- INSTRUCTIONS FOR THE TASK: Your answer should be the data below, reproduced with nothing changed.

Stored dataset items
+++

(* Let $f\in C^1(\mathbb{R}^n,\mathbb{R}^n)$, $g\in C(\mathbb{R}\times\mathbb{R}^n\times[0,1],\mathbb{R}^n)$, and let $x_0$ be a nondegenerate $T$-periodic limit cycle of $\dot x=f(x)$, $T>0$. Let $x_\varepsilon$ ($\varepsilon\in(0,\varepsilon_0]$) be $T$-periodic solutions of $\dot x=f(x)+\varepsilon g(t,x,\varepsilon)$ with $\|x_\varepsilon(t+\Delta_\varepsilon)-x_0(t)\|\le M\varepsilon$ for all $t\in[0,T]$, $\varepsilon\in(0,\varepsilon_0]$, for some $M,\varepsilon_0>0$ and reals $\Delta_\varepsilon\to0$. Let $z$ be any eigenfunction of $\dot z=-(f'(x_0(t)))^*z$ which is not $T$-periodic, with multiplier $\rho$, and let $M^\perp_z(t)=\frac{\rho}{\rho-1}\int_{t-T}^t\langle z(s),g(s,x_0(s),0)\rangle ds$. Then for every $t\in[0,T]$: if $M^\perp_z(t)>0$ then $\cos\angle\big(z(t),x_\varepsilon(t+\Delta_\varepsilon)-x_0(t)\big)>0$ for all sufficiently small $\varepsilon>0$; and if $M^\perp_z(t)<0$ then $\cos\angle\big(z(t),x_\varepsilon(t+\Delta_\varepsilon)-x_0(t)\big)<0$ for all sufficiently small $\varepsilon>0$.
   Context: Nondegenerate: the characteristic multiplier $+1$ of $\dot y=f'(x_0(t))y$ (eigenvalue $1$ of $Y(T)$, $Y(0)=I$) has algebraic multiplicity $1$. An eigenfunction of a linear $T$-periodic system is a nonzero solution $z$ with $z(t+T)=\rho z(t)$ for all $t$ and some $\rho\in\mathbb{R}$ (its characteristic multiplier). $\cos\angle(a,b)=\langle a,b\rangle/(\|a\|\,\|b\|)$ for $a,b\in\mathbb{R}^n$. *)

From HB Require Import structures.
From mathcomp Require Import all_boot all_order all_algebra.
From mathcomp Require Import all_classical all_reals all_analysis.
Set Implicit Arguments. Unset Strict Implicit. Unset Printing Implicit Defensive.
Import Order.TTheory GRing.Theory Num.Theory.
Import numFieldNormedType.Exports.
Local Open Scope classical_set_scope.
Local Open Scope ring_scope.

Section Defs.
Variables (R : realType) (n : nat).

Definition dotv (a b : 'cV[R]_n) : R := \sum_(i < n) a i ord0 * b i ord0.

(* Euclidean norm and cos of the angle <a,b>/(|a| |b|)
   (division by 0 gives 0 in MathComp, so cos > 0 or < 0 forces a, b <> 0) *)
Definition enorm (a : 'cV[R]_n) : R := Num.sqrt (dotv a a).
Definition cosang (a b : 'cV[R]_n) : R := dotv a b / (enorm a * enorm b).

+++

- ANSWER SECTION:
(* Let $f\in C^1(\mathbb{R}^n,\mathbb{R}^n)$, $g\in C(\mathbb{R}\times\mathbb{R}^n\times[0,1],\mathbb{R}^n)$, and let $x_0$ be a nondegenerate $T$-periodic limit cycle of $\dot x=f(x)$, $T>0$. Let $x_\varepsilon$ ($\varepsilon\in(0,\varepsilon_0]$) be $T$-periodic solutions of $\dot x=f(x)+\varepsilon g(t,x,\varepsilon)$ with $\|x_\varepsilon(t+\Delta_\varepsilon)-x_0(t)\|\le M\varepsilon$ for all $t\in[0,T]$, $\varepsilon\in(0,\varepsilon_0]$, for some $M,\varepsilon_0>0$ and reals $\Delta_\varepsilon\to0$. Let $z$ be any eigenfunction of $\dot z=-(f'(x_0(t)))^*z$ which is not $T$-periodic, with multiplier $\rho$, and let $M^\perp_z(t)=\frac{\rho}{\rho-1}\int_{t-T}^t\langle z(s),g(s,x_0(s),0)\rangle ds$. Then for every $t\in[0,T]$: if $M^\perp_z(t)>0$ then $\cos\angle\big(z(t),x_\varepsilon(t+\Delta_\varepsilon)-x_0(t)\big)>0$ for all sufficiently small $\varepsilon>0$; and if $M^\perp_z(t)<0$ then $\cos\angle\big(z(t),x_\varepsilon(t+\Delta_\varepsilon)-x_0(t)\big)<0$ for all sufficiently small $\varepsilon>0$.
   Context: Nondegenerate: the characteristic multiplier $+1$ of $\dot y=f'(x_0(t))y$ (eigenvalue $1$ of $Y(T)$, $Y(0)=I$) has algebraic multiplicity $1$. An eigenfunction of a linear $T$-periodic system is a nonzero solution $z$ with $z(t+T)=\rho z(t)$ for all $t$ and some $\rho\in\mathbb{R}$ (its characteristic multiplier). $\cos\angle(a,b)=\langle a,b\rangle/(\|a\|\,\|b\|)$ for $a,b\in\mathbb{R}^n$. *)

From HB Require Import structures.
From mathcomp Require Import all_boot all_order all_algebra.
From mathcomp Require Import all_classical all_reals all_analysis.
Set Implicit Arguments. Unset Strict Implicit. Unset Printing Implicit Defensive.
Import Order.TTheory GRing.Theory Num.Theory.
Import numFieldNormedType.Exports.
Local Open Scope classical_set_scope.
Local Open Scope ring_scope.

Section Defs.
Variables (R : realType) (n : nat).

Definition dotv (a b : 'cV[R]_n) : R := \sum_(i < n) a i ord0 * b i ord0.

(* Euclidean norm and cos of the angle <a,b>/(|a| |b|)
   (division by 0 gives 0 in MathComp, so cos > 0 or < 0 forces a, b <> 0) *)
Definition enorm (a : 'cV[R]_n) : R := Num.sqrt (dotv a a).
Definition cosang (a b : 'cV[R]_n) : R := dotv a b / (enorm a * enorm b).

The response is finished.